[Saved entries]

(* Let $\underline\gamma$ be an $\infty$-complete infinite path in a Rauzy diagram, starting at $\pi$, and let $w\in\mathbb R^{\mathcal A}$, $w\neq0$. The set $\mathrm{Aff}(\underline\gamma,w)$ is nonempty if and only if the hyperplane $\{\lambda:\sum_\alpha\lambda_\alpha w_\alpha=0\}$ contains some $\lambda\in(\mathbb R_{>0})^{\mathcal A}$ such that the standard i.e.m. $T_{\pi,\lambda}$ has Rauzy–Veech path equal to $\underline\gamma$. In that case the set $\mathrm{Aff}^{(1)}(\underline\gamma,w)$, parametrized by the vector of lengths $(|I^t_\alpha|)_{\alpha\in\mathcal A}$, is convex and compact.
   Context: Affine i.e.m., standard i.e.m. $T_{\pi,\lambda}$, slope vector, Rauzy–Veech algorithm and Rauzy diagram as usual: the Rauzy–Veech step replaces the map by its first return to $(0,\max(u^t_{d-1},u^b_{d-1}))$ where $u^t_{d-1},u^b_{d-1}$ are the left endpoints of the last top and last bottom intervals; the arrow has top type with winner $\alpha_t$ if $u^t_{d-1}<u^b_{d-1}$ and bottom type with winner $\alpha_b$ otherwise ($\pi_t(\alpha_t)=\pi_b(\alpha_b)=d$). A map with no connection has an infinite Rauzy–Veech path. A path is complete if every letter of $\mathcal A$ is the winner of at least one of its arrows, and an infinite path is $\infty$-complete if it is a concatenation of infinitely many complete paths. $\mathrm{Aff}(\underline\gamma,w)$ is the set of affine i.e.m. with slope vector $\exp w$ (i.e. $|I^b_\alpha|=e^{w_\alpha}|I^t_\alpha|$) whose Rauzy–Veech path is $\underline\gamma$; $\mathrm{Aff}^{(1)}(\underline\gamma,w)$ is the subset of those defined on $[0,1]$. *)

From Stdlib Require Import Reals List.
From mathcomp Require Import all_boot.

Set Implicit Arguments.
Unset Strict Implicit.
Unset Printing Implicit Defensive.

(* Combinatorial data.  pi = (pi_t, pi_b), positions are 0-based:           *)
(* pi_t a = k  means  I^t_a is the (k+1)-th top interval; the last position *)
(* is #|A|.-1 (the paper's "d").                                            *)

Definition comb_data (A : finType) : Type := ((A -> nat) * (A -> nat))%type.

Definition valid_comb (A : finType) (pi : comb_data A) : Prop :=
  (forall a, (pi.1 a < #|A|)%N) /\ injective pi.1 /\
  (forall a, (pi.2 a < #|A|)%N) /\ injective pi.2.

Definition irreducible (A : finType) (pi : comb_data A) : Prop :=
  forall k : nat, (0 < k)%N -> (k < #|A|)%N ->
    exists a : A, (pi.1 a < k)%N <> (pi.2 a < k)%N.

Definition lastl (A : finType) (p : A -> nat) : option A :=
  [pick a | p a == #|A|.-1].

Definition ins_after (A : finType) (p : A -> nat) (w l : A) : A -> nat :=
  fun b => if b == l then (p w).+1
           else if (p w < p b)%N then (p b).+1 else p b.

(* Arrow of the Rauzy diagram of type [top] (true = top type, false = bottom
   type) leaving pi: returns (winner, endpoint). *)
Definition rauzy_move (A : finType) (pi : comb_data A) (top : bool)
  : option (A * comb_data A) :=
  match lastl pi.1, lastl pi.2 with
  | Some at_, Some ab =>
      if top then Some (at_, (pi.1, ins_after pi.2 at_ ab))
      else Some (ab, (ins_after pi.1 ab at_, pi.2))
  | _, _ => None
  end.

(* An infinite path in the Rauzy diagram starting at pi is given by pi and
   the sequence eps of the types of its arrows.  comb_path pi eps n is its
   n-th vertex, winner_at pi eps n the winner of its n-th arrow. *)
Fixpoint comb_path (A : finType) (pi : comb_data A) (eps : nat -> bool) (n : nat)
  : option (comb_data A) :=
  match n with
  | 0 => Some pi
  | S m => match comb_path pi eps m with
           | Some p => option_map snd (rauzy_move p (eps m))
           | None => None
           end
  end.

= Your goal =
All lines above with "Import" in them should be returned.

= Answer box =
From Stdlib Require Import Reals List.
From mathcomp Require Import all_boot.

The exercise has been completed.